> [WHAT YOU NEED TO DO]
Having found the line that contains "have N2 : (2", please retype only it and every line after it up to the end of the entries, exactly as written.

(Collected data entries)

-*-*-

Section Window.
Context {N m : nat} {gamma : R}.
Hypotheses (N_gt0 : (0 < N)%N) (gamma_gt0 : 0 < gamma)
  (nu_mono : forall i j : nat, (1 <= i)%N -> (i <= j)%N -> nu i <= nu j)
  (nu_above : gamma <= nu (N + m)%N) (nu_below : (2 <= N)%N -> nu N.-1 <= - gamma).

Local Notation Pi := (proj_span ip g N m).

Lemma sq_gap_outside_window k :
  (0 < k)%N -> ~~ (N <= k < N + m)%N -> gamma ^+ 2 <= nu k ^+ 2.
Proof.
move=> k_gt0 k_out; have [kN|Nk] := ltnP k N.
  have N2 : (2 <= N)%N by apply: leq_ltn_trans kN.
  have : nu k <= nu N.-1 by apply: nu_mono; rewrite // -ltnS prednK.
  by move: (nu_below N2) gamma_gt0; nra.
have Nmk : (N + m <= k)%N by rewrite leqNgt; move: k_out; rewrite Nk.
have : nu (N + m)%N <= nu k by apply: nu_mono; rewrite // addn_gt0 N_gt0.
by move: nu_above gamma_gt0; nra.
Qed.

Let window_gt0 : {in index_iota N (N + m), forall k, 0 < k}%N := index_iota_gt0 _ _ N_gt0.
Let window_orthonormal := g_orthonormal_on window_gt0.

Lemma ip_proj_span x : ip (Pi x) (Pi x) = \sum_(N <= k < N + m) ip x (g k) ^+ 2.
Proof. exact: (ip_sum_orthonormal_sq ipP (iota_uniq _ _) window_orthonormal). Qed.

Lemma ip_sub_proj_span x :
  ip (x - Pi x) (x - Pi x) = ip x x - \sum_(N <= k < N + m) ip x (g k) ^+ 2.
Proof. exact: (ip_sub_proj_orthonormal_sq ipP (iota_uniq _ _) window_orthonormal). Qed.

Lemma proj_span_in_domain x : D (Pi x).
Proof. exact/(subspace_sum D_subspace)/g_in_domain. Qed.

Lemma form_proj_span x : D x ->
  q (Pi x) (Pi x) = \sum_(N <= k < N + m) nu k * ip x (g k) ^+ 2.
Proof.
move=> Dx; rewrite {2}/proj_span form_eig_sumr //; last exact: proj_span_in_domain.
apply: eq_big_seq => k kN; rewrite /proj_span.
by rewrite (ip_sum_orthonormal ipP (iota_uniq _ _) window_orthonormal) //; ring.
Qed.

-*-*-

> [WRITTEN ANSWER]
  have N2 : (2 <= N)%N by apply: leq_ltn_trans kN.
  have : nu k <= nu N.-1 by apply: nu_mono; rewrite // -ltnS prednK.
  by move: (nu_below N2) gamma_gt0; nra.
have Nmk : (N + m <= k)%N by rewrite leqNgt; move: k_out; rewrite Nk.
have : nu (N + m)%N <= nu k by apply: nu_mono; rewrite // addn_gt0 N_gt0.
by move: nu_above gamma_gt0; nra.
Qed.

Let window_gt0 : {in index_iota N (N + m), forall k, 0 < k}%N := index_iota_gt0 _ _ N_gt0.
Let window_orthonormal := g_orthonormal_on window_gt0.

Lemma ip_proj_span x : ip (Pi x) (Pi x) = \sum_(N <= k < N + m) ip x (g k) ^+ 2.
Proof. exact: (ip_sum_orthonormal_sq ipP (iota_uniq _ _) window_orthonormal). Qed.

Lemma ip_sub_proj_span x :
  ip (x - Pi x) (x - Pi x) = ip x x - \sum_(N <= k < N + m) ip x (g k) ^+ 2.
Proof. exact: (ip_sub_proj_orthonormal_sq ipP (iota_uniq _ _) window_orthonormal). Qed.

Lemma proj_span_in_domain x : D (Pi x).
Proof. exact/(subspace_sum D_subspace)/g_in_domain. Qed.

Lemma form_proj_span x : D x ->
  q (Pi x) (Pi x) = \sum_(N <= k < N + m) nu k * ip x (g k) ^+ 2.
Proof.
move=> Dx; rewrite {2}/proj_span form_eig_sumr //; last exact: proj_span_in_domain.
apply: eq_big_seq => k kN; rewrite /proj_span.
by rewrite (ip_sum_orthonormal ipP (iota_uniq _ _) window_orthonormal) //; ring.
Qed.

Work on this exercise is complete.